Article XI: Dissolution
Upon dissolution of the Region, assets remaining after payment of outstanding debts will be divided equally among the members of record at that time. Article XII: Amendment of Bylaws
Section 1: Amendment of Bylaws
These Bylaws may be amended by a majority of the votes cast in a referendum of the membership.
Section 2: Proposed Amendments
The Executive Council, Board of Directors, or voting-eligible members constituting at least 3% of the then membership may propose amendments to these Bylaws. Amendments proposed by such members shall be submitted to the Secretary in writing and shall be signed by each member.

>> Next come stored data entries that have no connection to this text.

(* In affine form the n-th iterate sends 0 to b (1 + a + ... + a^(n-1)); for
   b != 0 this vanishes only if a^n = 1, i.e. a = 1, and then it is n b. *)
Lemma mobius_periodic_fixed C d x n : det2 C != 0 -> n%:R != 0 :> F ->
  (forall a : F, a ^+ n = 1 -> a = 1) ->
  mobius C d = d -> x != d -> iter n (mobius C) x = x -> mobius C x = x.
Proof.
move=> dC n0 rootn Cd xd.
have [T [a [b [dT _ <- CT]]]] := mobius_fixed_affine dC Cd xd.
have iterCT k z : iter k (mobius C) (mobius T (Some z)) =
                  mobius T (Some (iter k (fun w => a * w + b) z)).
  by elim: k => //= k ->; rewrite CT.
rewrite iterCT => /(mobius_inj dT) [].
rewrite iter_affine0 CT mulr0 add0r => /eqP; rewrite mulf_eq0 => /orP[/eqP-> //|/eqP S0].
have /rootn a1 : a ^+ n = 1 by apply/eqP; rewrite -subr_eq0 subrX1 S0 mulr0.
move: S0; rewrite a1 (eq_bigr (fun=> 1)) => [|i _]; last exact: expr1n.
by rewrite sumr_const card_ord => /eqP; rewrite (negbTE n0).
Qed.

Lemma mobius_fix3 C d x y : det2 C != 0 ->
  mobius C d = d -> mobius C x = x -> mobius C y = y ->
  x != d -> y != d -> y != x -> mobius C =1 id.
Proof.
move=> dC Cd Cx Cy xd yd yx.
have [T [a [b [dT Td Tx CT]]]] := mobius_fixed_affine dC Cd xd.
have b0 : b = 0 by move: Cx; rewrite -Tx CT mulr0 add0r => /(mobius_inj dT) [].
have [w Tw] : exists w, mobius T (Some w) = y.
  case E: (mobius (adj2 T) y) => [w|]; first by exists w; rewrite -E mobiusKV.
  by move: yd; rewrite -(mobiusKV dT y) E Td eqxx.
have w0 : w != 0 by apply: contraNneq yx => w0; rewrite -Tw w0 Tx.
have a1 : a = 1.
  move: Cy; rewrite -Tw CT b0 addr0 => /(mobius_inj dT) [] /eqP.
  by rewrite -{2}[w]mul1r (inj_eq (mulIf w0)) => /eqP.
move=> p; rewrite /= -(mobiusKV dT p); case: (mobius (adj2 T) p) => [z|].
  by rewrite CT a1 b0 mul1r addr0.
by rewrite Td Cd.
Qed.

End Mobius.

Section FiniteFieldFacts.
Local Open Scope ring_scope.

Lemma unity_root_coprime (F : finFieldType) n (a : F) :
  (0 < n)%N -> coprime n #|F|.-1 -> a ^+ n = 1 -> a = 1.
Proof.
move=> n0 co an.
have a0 : a != 0 by apply: contra_eq_neq an => ->; rewrite expr0n eqn0Ngt n0 eq_sym oner_neq0.
have aq : a ^+ #|F|.-1 = 1.
  apply: (mulfI a0); rewrite -exprS prednK ?expf_card ?mulr1 //.
  by apply/card_gt0P; exists 0.
have [m prim_m m_n] := prim_order_exists n0 an.
have : (m %| gcdn n #|F|.-1)%N by rewrite dvdn_gcd m_n (prim_order_dvd prim_m) aq eqxx.
by rewrite (eqP co) dvdn1 => /eqP m1; move: (prim_expr_order prim_m); rewrite m1 expr1.
Qed.

Lemma pchar_natr_neq0 (R : nzRingType) p k n :
  p \in [pchar R] -> (0 < k)%N -> prime n -> ~~ (n %| p ^ k)%N -> n%:R != 0 :> R.
Proof.
move=> pR k0 n_prime; rewrite -(dvdn_pcharf pR); apply: contra.
rewrite (dvdn_prime2 (pcharf_prime pR) n_prime) => /eqP <-.
by rewrite dvdn_exp.
Qed.

End FiniteFieldFacts.

(** * The projective linear group *)

Section PGL.
Variable F : finFieldType.
Local Open Scope ring_scope.

(* Every invertible matrix is a nonzero multiple of exactly one matrix
   [[a, a d - t], [1, d]] with t != 0, or [[a, b], [0, 1]] with a != 0. *)
Definition pgl_index := ((F * F) * {t : F | t != 0} + {a : F | a != 0} * F)%type.

Definition pgl_mx (i : pgl_index) : mat2 F :=
  match i with
  | inl (a, d, t) => Mat2 a (a * d - val t) 1 d
  | inr (a, b) => Mat2 (val a) b 0 1
  end.

Lemma det2_pgl_mx i : det2 (pgl_mx i) != 0.
Proof.
case: i => [[[a d] [t t0]] | [[a a0] b]]; rewrite /det2 /=.
  by rewrite mulr1 opprB addrC subrK.
by rewrite mulr0 subr0 mulr1.
Qed.

Lemma pgl_mx_inj i j : mobius (pgl_mx i) =1 mobius (pgl_mx j) -> i = j.
Proof.
rewrite /mobius /proj_pt.
case: i => [[[a d] [t t0]] | [[a a0] b]]; case: j => [[[a' d'] [t' t0']] | [[a' a0'] b']] /= E.
- have := E None; rewrite /= !mulr1 !mulr0 !addr0 oner_eq0 !divr1 => -[ea]; subst a'.
  have := E (Some (- d)); rewrite /= !mulr1 !mul1r addNr eqxx.
  case: eqP => [/eqP|//]; rewrite addrC subr_eq0 => /eqP ed _; subst d'.
  have := E (Some (1 - d)); rewrite /= !mulr1 !mul1r subrK oner_eq0 !divr1.
  by case=> /addrI/addrI/oppr_inj et; subst t'; rewrite (bool_irrelevance t0 t0').
- by have := E None; rewrite /= !mulr1 !mulr0 !addr0 oner_eq0 eqxx.
- by have := E None; rewrite /= !mulr1 !mulr0 !addr0 oner_eq0 eqxx.
- have := E (Some 0); rewrite /= !mulr0 !mulr1 !add0r oner_eq0 !divr1 => -[eb]; subst b'.
  have := E (Some 1); rewrite /= !mulr1 ?mul0r !add0r oner_eq0 !divr1 => -[/addIr ea].
  by subst a'; rewrite (bool_irrelevance a0 a0').
Qed.

Lemma card_pgl_index : #|{: pgl_index}| = (#|F| * (#|F| - 1) * (#|F| + 1))%N.
Proof.
rewrite card_sum !card_prod card_sig.
have -> : #|[pred x : F | x != 0]| = #|F|.-1.
  by rewrite -(cardC1 (0 : F)); apply: eq_card => x; rewrite !inE.
have : (0 < #|F|)%N by apply/card_gt0P; exists 0.
by case: #|F| => // m _; rewrite /= subn1 /=; lia.
Qed.

Definition pgl_perm i : {perm option F} := perm (mobius_inj (det2_pgl_mx i)).

Lemma pgl_quotE i j :
  (pgl_perm j * (pgl_perm i)^-1)%g =1 mobius (mul2 (adj2 (pgl_mx i)) (pgl_mx j)).
Proof.
move=> p; rewrite permM mobius_mul ?det2_pgl_mx //; apply: (@perm_inj _ (pgl_perm i)).
by rewrite permKV !permE mobiusKV ?det2_pgl_mx.
Qed.

End PGL.

Section PGLContraction.
Variable F : finFieldType.
Local Open Scope ring_scope.
Hypotheses (nat3 : 3%:R != 0 :> F) (nat5 : 5%:R != 0 :> F).
Hypotheses (root3 : forall a : F, a ^+ 3 = 1 -> a = 1).
Hypotheses (root5 : forall a : F, a ^+ 5 = 1 -> a = 1).
Implicit Types i j : pgl_index F.
Local Notation quot i j := (pgl_perm j * (pgl_perm i)^-1)%g.
Local Notation S := ([set None; Some 0] : {set option F}).

Lemma det2_pgl_quot i j : det2 (mul2 (adj2 (pgl_mx i)) (pgl_mx j)) != 0.
Proof. by rewrite det2_mul det2_adj mulf_neq0 ?det2_pgl_mx. Qed.

Lemma pgl_quot_fixed_le2 i j : i != j -> (#|[set z | quot i j z == z]| <= 2)%N.
Proof.
move=> ij; rewrite leqNgt; apply/negP => /card_gt2P[d [x [y [[]]]]].
rewrite !inE !pgl_quotE => /eqP Cd /eqP Cx /eqP Cy [dx xy yd].
rewrite eq_sym in dx; rewrite eq_sym in xy.
have C_id := mobius_fix3 (det2_pgl_quot i j) Cd Cx Cy dx yd xy.
apply/(negP ij)/eqP/pgl_mx_inj => p; have := C_id p.
by rewrite /= mobius_mul ?det2_pgl_mx // => {1}<-; rewrite mobiusKV ?det2_pgl_mx.
Qed.

Lemma pgl_quot_off_cycle35 i j d z : quot i j d = d -> z != d -> ~~ on_cycle35 (quot i j) z.
Proof.
rewrite /on_cycle35 !permX !(eq_iter (pgl_quotE i j)) !pgl_quotE => Cd zd.
apply/negP => /andP[/eqP Cz] /orP[] /eqP it; apply: Cz.
  exact: mobius_periodic_fixed (det2_pgl_quot i j) nat3 root3 Cd zd it.
exact: mobius_periodic_fixed (det2_pgl_quot i j) nat5 root5 Cd zd it.
Qed.

Lemma pgl_agree_set_le4 i j : i != j ->
  (#|agree_set S (pgl_perm i) (pgl_perm j)| <= 4)%N.
Proof.
move=> ij; apply: card_agree_set_le4 => //; first exact: pgl_quot_fixed_le2.
move=> d dS fd; rewrite !(pgl_quot_off_cycle35 fd) //;
  by apply: contraNneq dS => <-; rewrite !inE eqxx ?orbT.
Qed.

Section 3: Notice of Proposed Amendments and Referendum
The Secretary shall cause to be published in the Region’s official publications any proposed amendment submitted to the Secretary within sixty days thereafter, together with an explanation of the proposed amendments and the need therefore by its sponsors. Within a further period of sixty days, any member may submit statements of reasons against the adoption of any amendment to the Secretary. In the next regular publication, the proposed amendments and the explanations and needs shall again be published, together with a summary of any reasons against adoption which may have been submitted. Within fifteen days following the publication of said notice, the Secretary shall cause to be sent by mail (or, if electronic means shall have been approved in accordance with these Bylaws, then by mail, by electronic means or any combination thereof), to all active members a ballot and a copy or facsimile of the initial publication of the proposed amendments and their explanations. The ballot shall specify a final return date of not less than 30 days nor more than 45 days from the date of the initial mailing. In addition, the Executive Council may investigate procedures for electronic voting on such referenda, giving due consideration to methods of voting which are reasonably secure, nonduplicative, and convenient, and which provide the essence of the ability to have the votes sent to and recorded by the Secretary. If the Executive Council is satisfied that it has arrived at procedures that are efficacious and suitable for balloting, it may adopt with the consent of the Board, electronic voting procedures that may supplement mailed balloting procedures, and that may supersede mailed voting procedures for members not objecting to voting by email or other electronic means.
Section 4: Ballots
Mailed votes for or against a proposed amendment to these Bylaws shall be cast on a standardsize postcard and must be signed by the members, with name printed. Each mailed ballot shall provide a space for the vote(s) of related eligible members. All mailed ballots shall be mailed to the Secretary and must be received no later than the date set forth in the notice of referendum. Ballots cast electronically must be in accordance with procedures adopted by the Executive Council under this Article.
Section 5: Tellers
The Secretary and any two members designated by the President shall serve as tellers and shall tabulate the votes cast in the referendum within fifteen days of the return date.
Section 6: Notice of Vote or Referendum Results The Secretary shall cause to be published the result of any vote or referendum on a proposed amendment in the Region’s official publications.